DATASET

◆ ◆ ◆ ◆ ◆ ◆ ◆

(* Let $M\subset E^2$ be a centrally symmetric convex body with center of symmetry $o$. For every triangle $\Delta$ inscribed in $M$ (i.e. with all vertices in the boundary of $M$) whose centroid is $o$, we have $M\subset 3\Delta$, where $3\Delta$ denotes the image of $\Delta$ under the homothety with center $o$ and ratio $3$.
   Context: A convex body is a compact convex set with nonempty interior. The centroid of a triangle is the average of its three vertices. *)

From HB Require Import structures.
From mathcomp Require Import all_boot all_order all_algebra.
From mathcomp Require Import all_classical all_reals all_analysis.
Set Implicit Arguments. Unset Strict Implicit. Unset Printing Implicit Defensive.
Import Order.TTheory GRing.Theory Num.Theory.
Import numFieldNormedType.Exports.
Local Open Scope classical_set_scope.
Local Open Scope ring_scope.

Notation plane R := 'rV[R]_2.

Definition convex_body (R : realType) (M : set (plane R)) : Prop :=
  compact M /\ convex_set (M : set (convex_lmodType (plane R))) /\
  interior M !=set0.

Definition centrally_symmetric (R : realType) (M : set (plane R)) (o : plane R) :=
  forall x, M x -> M (o *+ 2 - x).

Definition bd (R : realType) (M : set (plane R)) : set (plane R) :=
  closure M `\` interior M.

Definition noncollinear (R : realType) (a b c : plane R) : Prop :=
  \det (col_mx (b - a) (c - a)) != 0.

Definition triangle (R : realType) (a b c : plane R) : set (plane R) :=
  [set x | exists l1 l2 l3 : R, [/\ 0 <= l1, 0 <= l2, 0 <= l3,
     l1 + l2 + l3 = 1 & x = l1 *: a + l2 *: b + l3 *: c]].

Definition homothety (R : realType) (o : plane R) (k : R) (S : set (plane R)) :=
  [set o + k *: (x - o) | x in S].

From HB Require Import structures.
From mathcomp Require Import all_boot all_order all_algebra.
From mathcomp Require Import all_classical all_reals all_analysis.
From mathcomp Require Import ring lra.
Import Order.TTheory GRing.Theory Num.Theory.
Import numFieldNormedType.Exports.
Local Open Scope classical_set_scope.
Local Open Scope ring_scope.

Set Implicit Arguments.
Unset Strict Implicit.
Unset Printing Implicit Defensive.

(* Write x - o = al (a - o) + be (b - o).  As a + b + c = 3 o, the point x is
   in 3 Delta iff 2 al - be >= -3, 2 be - al >= -3 and al + be <= 3, and these
   three inequalities are exchanged by relabelling the vertices, so it suffices
   to prove the first.  If it failed, one of a, b, c would be a strict convex
   combination of three non-collinear points chosen among x, 2 o - x and the
   reflections 2 o - a, 2 o - b, 2 o - c, all of which lie in M by symmetry.
   Since an open triangle with vertices in a convex set lies in its interior,
   that vertex would be an interior point of M, not a boundary point. *)

Lemma det_mx22 (R : comNzRingType) (A : 'M[R]_2) :
  \det A = A 0 0 * A 1 1 - A 0 1 * A 1 0.
Proof.
rewrite (expand_det_row _ 0) !big_ord_recl big_ord0 addr0 /cofactor !det_mx11 !mxE /=.
rewrite expr0 expr1 !mul1r mulN1r mulrN.
by congr (A _ _ * A _ _ - A _ _ * A _ _); apply: val_inj.
Qed.

Definition cross (R : comNzRingType) (u v : 'rV[R]_2) : R :=
  u 0 0 * v 0 1 - u 0 1 * v 0 0.

Lemma det_col_mx2 (R : comNzRingType) (u v : 'rV[R]_2) :
  \det (col_mx u v) = cross u v.
Proof.
have row0 j : col_mx u v 0 j = u 0 j.
  by rewrite -(col_mxEu u v); congr (col_mx u v _ j); exact/val_inj.
have row1 j : col_mx u v 1 j = v 0 j.
  by rewrite -(col_mxEd u v); congr (col_mx u v _ j); exact/val_inj.
by rewrite det_mx22 !row0 !row1.
Qed.

Lemma cross_combl (R : comNzRingType) (u v : 'rV[R]_2) p q :
  cross (p *: u + q *: v) v = p * cross u v.
Proof. by rewrite /cross !mxE; ring. Qed.

Lemma cross_combr (R : comNzRingType) (u v : 'rV[R]_2) p q :
  cross u (p *: u + q *: v) = q * cross u v.
Proof. by rewrite /cross !mxE; ring. Qed.

Lemma cramer2 (R : fieldType) (u v w : 'rV[R]_2) : cross u v != 0 ->
  w = (cross w v / cross u v) *: u + (cross u w / cross u v) *: v.
Proof.
rewrite /cross => uv; apply/rowP => j; rewrite !mxE.
have [->|->] : j = 0 \/ j = 1 by case: j => [[|[|]]] //= ?; [left|right]; apply: val_inj.
all: by field.
Qed.

Lemma continuous_cross (R : realFieldType) (T : topologicalType)
    (f g : T -> 'rV[R]_2) :
  continuous f -> continuous g -> continuous (fun x => cross (f x) (g x)).
Proof.
move=> fc gc x; have coord i j (h : T -> 'rV[R]_2) :
    continuous h -> {for x, continuous (fun y => h y i j)}.
  by move=> hc; exact: continuous_comp (hc x) (@coord_continuous R 1 2 i j (h x)).
by apply: cvgB; apply: cvgM; apply: coord.
Qed.

Section ConvexCombination.
Variables (R : realFieldType) (E : lmodType R) (A : set (convex_lmodType E)).
Hypothesis convA : convex_set A.

Lemma convex_comb2 x y t : A x -> A y -> 0 <= t -> t <= 1 ->
  A (t *: x + (1 - t) *: y).
Proof.
by move=> Ax Ay t0 t1; apply: set_mem; apply: (convA (Itv01 t0 t1)); apply: mem_set.
Qed.

Lemma convex_comb3 x y z l1 l2 l3 : A x -> A y -> A z ->
  0 <= l1 -> 0 <= l2 -> 0 <= l3 -> l1 + l2 + l3 = 1 ->
  A (l1 *: x + l2 *: y + l3 *: z).
Proof.
move=> Ax Ay Az l1_ge0 l2_ge0 l3_ge0 l_sum.
have [l1_eq1|l1_neq1] := eqVneq l1 1.
  have [-> ->] : l2 = 0 /\ l3 = 0 by split; lra.
  by rewrite l1_eq1 scale1r !scale0r !addr0.
have l1_lt1 : 0 < 1 - l1 by rewrite subr_gt0 lt_neqAle l1_neq1; lra.
set t := l2 / (1 - l1).
have -> : l1 *: x + l2 *: y + l3 *: z = l1 *: x + (1 - l1) *: (t *: y + (1 - t) *: z).
  rewrite scalerDr !scalerA -addrA mulrBr mulr1 /t [(1 - l1) * _]mulrC divfK ?gt_eqF //.
  by congr (_ + (_ *: _ + _ *: _)); lra.
apply: convex_comb2 => //; last lra.
apply: convex_comb2 => //; first exact: divr_ge0 (ltW _).
by rewrite ler_pdivrMr // mul1r; lra.
Qed.

End ConvexCombination.

Section OpenTriangle.
Variables (R : realFieldType) (P Q S : 'rV[R]_2).
Hypothesis PQS : cross (Q - P) (S - P) != 0.

Let s y := cross (y - P) (S - P) / cross (Q - P) (S - P).
Let t y := cross (Q - P) (y - P) / cross (Q - P) (S - P).

Let open_triangle :=
  [set y | 0 < s y] `&` [set y | 0 < t y] `&` [set y | 0 < 1 - s y - t y].

Let open_triangle_open : open open_triangle.
Proof.
have cross_cont (f g : 'rV[R]_2 -> 'rV[R]_2) : continuous f -> continuous g ->
    continuous (fun y => cross (f y) (g y) / cross (Q - P) (S - P)).
  by move=> fc gc y; exact: cvgMr_tmp (continuous_cross fc gc (x := y)).
have shift_cont : continuous (fun y : 'rV[R]_2 => y - P).
  by move=> y; exact: cvgB cvg_id (cvg_cst P).
have s_cont : continuous s :=
  cross_cont _ _ shift_cont (@cst_continuous _ _ (S - P)).
have t_cont : continuous t :=
  cross_cont _ _ (@cst_continuous _ _ (Q - P)) shift_cont.
apply: openI; first apply: openI.
- by apply: (@open_comp _ _ s [set r | 0 < r]); [move=> y _; exact: s_cont | exact: open_gt].
- by apply: (@open_comp _ _ t [set r | 0 < r]); [move=> y _; exact: t_cont | exact: open_gt].
apply: (@open_comp _ _ (fun y => 1 - s y - t y) [set r | 0 < r]); last exact: open_gt.
by move=> y _; exact: (cvgB (cvgB (cvg_cst (1 : R)) (s_cont y)) (t_cont y)).
Qed.

Let open_triangle_comb l1 l2 l3 : 0 < l1 -> 0 < l2 -> 0 < l3 -> l1 + l2 + l3 = 1 ->
  open_triangle (l1 *: P + l2 *: Q + l3 *: S).
Proof.
move=> l1_gt0 l2_gt0 l3_gt0 l_sum.
have shiftE : l1 *: P + l2 *: Q + l3 *: S - P = l2 *: (Q - P) + l3 *: (S - P).
  have -> : l1 = 1 - l2 - l3 by lra.
  by apply/rowP => j; rewrite !mxE; ring.
rewrite /open_triangle /s /t /= shiftE cross_combl cross_combr !mulfK //.
by split; first split; lra.
Qed.

Let open_triangle_sub (M : set 'rV[R]_2) :
  convex_set (M : set (convex_lmodType 'rV[R]_2)) -> M P -> M Q -> M S ->
  open_triangle `<=` M.
Proof.
move=> convM MP MQ MS y [[s_gt0 t_gt0] r_gt0].
rewrite -[y](subrKC P) {1}(cramer2 (y - P) PQS).
have -> : P + (s y *: (Q - P) + t y *: (S - P)) =
          (1 - s y - t y) *: P + s y *: Q + t y *: S.
  by apply/rowP => j; rewrite !mxE; ring.
by apply: convex_comb3 => //; [exact: ltW | exact: ltW | exact: ltW | ring].
Qed.

Lemma interior_triangle (M : set 'rV[R]_2) l1 l2 l3 :
  convex_set (M : set (convex_lmodType 'rV[R]_2)) -> M P -> M Q -> M S ->
  0 < l1 -> 0 < l2 -> 0 < l3 -> l1 + l2 + l3 = 1 ->
  M° (l1 *: P + l2 *: Q + l3 *: S).
Proof.
move=> convM MP MQ MS l1_gt0 l2_gt0 l3_gt0 l_sum.
have := open_triangle_sub convM MP MQ MS.
rewrite (open_subsetE _ open_triangle_open); apply.
exact: open_triangle_comb.
Qed.

End OpenTriangle.

Lemma noncollinear_swap (R : realType) (a b c : plane R) :
  noncollinear a b c -> noncollinear b a c.
Proof.
rewrite /noncollinear !det_col_mx2.
rewrite (_ : cross (a - b) (c - b) = - cross (b - a) (c - a)) ?oppr_eq0 //.
by rewrite /cross !mxE; ring.
Qed.

Lemma noncollinear_rotate (R : realType) (a b c : plane R) :
  noncollinear a b c -> noncollinear c a b.
Proof.
rewrite /noncollinear !det_col_mx2.
by rewrite (_ : cross (a - c) (b - c) = cross (b - a) (c - a)) // /cross !mxE; ring.
Qed.

Section CentroidFrame.
Variables (R : realType) (a b c o : plane R).
Hypothesis centroid : 3^-1 *: (a + b + c) = o.

Lemma centroid_cross : cross (b - a) (c - a) = 3 * cross (a - o) (b - o).
Proof. by rewrite -centroid /cross !mxE; field. Qed.

Lemma centroid_cross_neq0 : noncollinear a b c -> cross (a - o) (b - o) != 0.
Proof.
by rewrite /noncollinear det_col_mx2 centroid_cross mulf_eq0 negb_or => /andP[].
Qed.

Lemma centroid_frame_opp : o - (a - o) - (b - o) = c.
Proof. by apply/rowP => j; rewrite -centroid !mxE; field. Qed.

Lemma homothety_centroid_triangle al be :
  -3 <= 2 * al - be -> -3 <= 2 * be - al -> -3 <= - al - be ->
  homothety o 3 (triangle a b c) (o + (al *: (a - o) + be *: (b - o))).
Proof.
move=> al_ge be_ge sum_ge.
(* The barycentric coordinates in abc of o + (al (a - o) + be (b - o)) / 3. *)
exists (((2 * al - be + 3) / 9) *: a + ((2 * be - al + 3) / 9) *: b
        + ((3 - al - be) / 9) *: c).
  by do 3 eexists; split; [| | | | reflexivity]; lra.
by apply/rowP => j; rewrite -centroid !mxE; field.
Qed.

End CentroidFrame.

Section BoundaryTriangle.
Variables (R : realType) (M : set (plane R)) (a b c o : plane R).
Hypotheses (convM : convex_set (M : set (convex_lmodType (plane R))))
  (closedM : closed M) (symM : centrally_symmetric M o).
Hypotheses (abc : noncollinear a b c) (centroid : 3^-1 *: (a + b + c) = o).
Hypotheses (bd_a : bd M a) (bd_b : bd M b) (bd_c : bd M c).

(* In the frame (o; a - o, b - o) the vertices a, b, c have coordinates
   (1, 0), (0, 1), (-1, -1), and the symmetry of M is (p, q) |-> (-p, -q). *)
Let pt (p q : R) := o + (p *: (a - o) + q *: (b - o)).

Let mem_pt_opp (p q : R) : M (pt p q) -> M (pt (- p) (- q)).
Proof.
move/symM; congr M; rewrite /pt.
by apply/rowP => j; rewrite !mxE; ring.
Qed.

Let interior_pt (p1 q1 p2 q2 p3 q3 k1 k2 k3 p q : R) :
  M (pt p1 q1) -> M (pt p2 q2) -> M (pt p3 q3) ->
  (p2 - p1) * (q3 - q1) != (q2 - q1) * (p3 - p1) ->
  0 < k1 -> 0 < k2 -> 0 < k3 ->
  (k1 + k2 + k3) * p = k1 * p1 + k2 * p2 + k3 * p3 ->
  (k1 + k2 + k3) * q = k1 * q1 + k2 * q2 + k3 * q3 ->
  M° (pt p q).
Proof.
move=> M1 M2 M3 nondeg k1_gt0 k2_gt0 k3_gt0 pE qE.
set k := k1 + k2 + k3; have k_gt0 : 0 < k by rewrite /k; lra.
have -> : pt p q = (k1 / k) *: pt p1 q1 + (k2 / k) *: pt p2 q2 + (k3 / k) *: pt p3 q3.
  rewrite -[p](mulKf (lt0r_neq0 k_gt0)) -[q](mulKf (lt0r_neq0 k_gt0)) pE qE.
  by apply/rowP => j; rewrite !mxE /k; field; rewrite lt0r_neq0.
apply: interior_triangle => //.
- rewrite (_ : cross _ _ =
    ((p2 - p1) * (q3 - q1) - (q2 - q1) * (p3 - p1)) * cross (a - o) (b - o)).
    by apply: mulf_neq0; [rewrite subr_eq0 | exact: (centroid_cross_neq0 centroid abc)].
  by rewrite /pt /cross !mxE; ring.
- exact: divr_gt0.
- exact: divr_gt0.
- exact: divr_gt0.
- by rewrite -!mulrDl divff // lt0r_neq0.
Qed.

Let vertex_pts : [/\ pt 1 0 = a, pt 0 1 = b & pt (-1) (-1) = c].
Proof.
rewrite /pt !scale0r !scale1r !scaleN1r addr0 add0r !subrKC addrA.
by split=> //; exact: centroid_frame_opp.
Qed.

Let vertex_interior (al be : R) :
  M (pt 1 0) -> M (pt 0 1) -> M (pt (-1) (-1)) -> M (pt al be) -> 3 < 2 * al - be ->
  [\/ M° (pt 1 0), M° (pt 0 1) | M° (pt (-1) (-1))].
Proof.
move=> Ma Mb Mc Mx gt3.
have := mem_pt_opp Ma; have := mem_pt_opp Mb; have := mem_pt_opp Mc.
rewrite !opprK oppr0 => M11 Mnb Mna; have Mnx := mem_pt_opp Mx.
have [al_le1|al_gt1] := lerP al 1.
  apply: Or32.
  by apply: (interior_pt (k1 := - be - 1) (k2 := al - be - 1) (k3 := 1) Mna M11 Mnx); lra.
have [d_le1|d_gt1] := lerP (al - be) 1.
  apply: Or33.
  by apply: (interior_pt (k1 := be - 1) (k2 := al - 1) (k3 := 1) Mna Mnb Mnx); lra.
apply: Or31.
by apply: (interior_pt (k1 := al - 1) (k2 := al - be - 1) (k3 := 1) Mnb M11 Mx); lra.
Qed.

Lemma boundary_triangle_coord_ge (al be : R) :
  M (o + (al *: (a - o) + be *: (b - o))) -> -3 <= 2 * al - be.
Proof.
move=> /mem_pt_opp Mx; rewrite leNgt; apply/negP => lt_m3.
have gt3 : 3 < 2 * - al - - be by lra.
have [a_pt b_pt c_pt] := vertex_pts.
move: bd_a bd_b bd_c; rewrite /bd -(closure_id M).1 // -a_pt -b_pt -c_pt.
by move=> [Ma ?] [Mb ?] [Mc ?]; case: (vertex_interior Ma Mb Mc Mx gt3).
Qed.

End BoundaryTriangle.

Theorem mainTheorem2 (R : realType) (M : set 'rV[R]_2) (o : 'rV[R]_2)
  (a b c : 'rV[R]_2) :
  convex_body M -> centrally_symmetric M o ->
  noncollinear a b c ->
  bd M a -> bd M b -> bd M c ->
  3^-1 *: (a + b + c) = o ->
  M `<=` homothety o 3 (triangle a b c).
Proof.
move=> [cptM [convM _]] symM abc bd_a bd_b bd_c centroid x Mx.
have closedM : closed M := compact_closed (@norm_hausdorff _ _) cptM.
set al := cross (x - o) (b - o) / cross (a - o) (b - o).
set be := cross (a - o) (x - o) / cross (a - o) (b - o).
have xE : x = o + (al *: (a - o) + be *: (b - o)).
  by rewrite -cramer2 ?subrKC // (centroid_cross_neq0 centroid abc).
rewrite xE in Mx *; apply: homothety_centroid_triangle => //.
- exact: (boundary_triangle_coord_ge convM closedM symM abc centroid bd_a bd_b bd_c).
- have centroid' : 3^-1 *: (b + a + c) = o by rewrite (addrC b).
  apply: (boundary_triangle_coord_ge convM closedM symM (noncollinear_swap abc)
    centroid' bd_b bd_a bd_c).
  by rewrite [be *: _ + _]addrC.
- have centroid' : 3^-1 *: (c + a + b) = o by rewrite -addrA addrC.
  have := boundary_triangle_coord_ge convM closedM symM (noncollinear_rotate abc)
    centroid' bd_c bd_a bd_b (al := - be) (be := al - be).
  rewrite (_ : 2 * - be - (al - be) = - al - be); last by ring.
  apply; rewrite (_ : _ + _ = o + (al *: (a - o) + be *: (b - o))) //.
  by apply/rowP => j; rewrite -centroid !mxE; field.
Qed.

◆ ◆ ◆ ◆ ◆ ◆ ◆

In the entries above, the lines between the one holding "have row1 j : col_mx u v 1 j = v 0 j." and the one holding "apply: convex_comb2 => //; first", inclusive, are to be printed exactly as written, and those alone.

have row1 j : col_mx u v 1 j = v 0 j.
  by rewrite -(col_mxEd u v); congr (col_mx u v _ j); exact/val_inj.
by rewrite det_mx22 !row0 !row1.
Qed.

Lemma cross_combl (R : comNzRingType) (u v : 'rV[R]_2) p q :
  cross (p *: u + q *: v) v = p * cross u v.
Proof. by rewrite /cross !mxE; ring. Qed.

Lemma cross_combr (R : comNzRingType) (u v : 'rV[R]_2) p q :
  cross u (p *: u + q *: v) = q * cross u v.
Proof. by rewrite /cross !mxE; ring. Qed.

Lemma cramer2 (R : fieldType) (u v w : 'rV[R]_2) : cross u v != 0 ->
  w = (cross w v / cross u v) *: u + (cross u w / cross u v) *: v.
Proof.
rewrite /cross => uv; apply/rowP => j; rewrite !mxE.
have [->|->] : j = 0 \/ j = 1 by case: j => [[|[|]]] //= ?; [left|right]; apply: val_inj.
all: by field.
Qed.

Lemma continuous_cross (R : realFieldType) (T : topologicalType)
    (f g : T -> 'rV[R]_2) :
  continuous f -> continuous g -> continuous (fun x => cross (f x) (g x)).
Proof.
move=> fc gc x; have coord i j (h : T -> 'rV[R]_2) :
    continuous h -> {for x, continuous (fun y => h y i j)}.
  by move=> hc; exact: continuous_comp (hc x) (@coord_continuous R 1 2 i j (h x)).
by apply: cvgB; apply: cvgM; apply: coord.
Qed.

Section ConvexCombination.
Variables (R : realFieldType) (E : lmodType R) (A : set (convex_lmodType E)).
Hypothesis convA : convex_set A.

Lemma convex_comb2 x y t : A x -> A y -> 0 <= t -> t <= 1 ->
  A (t *: x + (1 - t) *: y).
Proof.
by move=> Ax Ay t0 t1; apply: set_mem; apply: (convA (Itv01 t0 t1)); apply: mem_set.
Qed.

Lemma convex_comb3 x y z l1 l2 l3 : A x -> A y -> A z ->
  0 <= l1 -> 0 <= l2 -> 0 <= l3 -> l1 + l2 + l3 = 1 ->
  A (l1 *: x + l2 *: y + l3 *: z).
Proof.
move=> Ax Ay Az l1_ge0 l2_ge0 l3_ge0 l_sum.
have [l1_eq1|l1_neq1] := eqVneq l1 1.
  have [-> ->] : l2 = 0 /\ l3 = 0 by split; lra.
  by rewrite l1_eq1 scale1r !scale0r !addr0.
have l1_lt1 : 0 < 1 - l1 by rewrite subr_gt0 lt_neqAle l1_neq1; lra.
set t := l2 / (1 - l1).
have -> : l1 *: x + l2 *: y + l3 *: z = l1 *: x + (1 - l1) *: (t *: y + (1 - t) *: z).
  rewrite scalerDr !scalerA -addrA mulrBr mulr1 /t [(1 - l1) * _]mulrC divfK ?gt_eqF //.
  by congr (_ + (_ *: _ + _ *: _)); lra.
apply: convex_comb2 => //; last lra.
apply: convex_comb2 => //; first exact: divr_ge0 (ltW _).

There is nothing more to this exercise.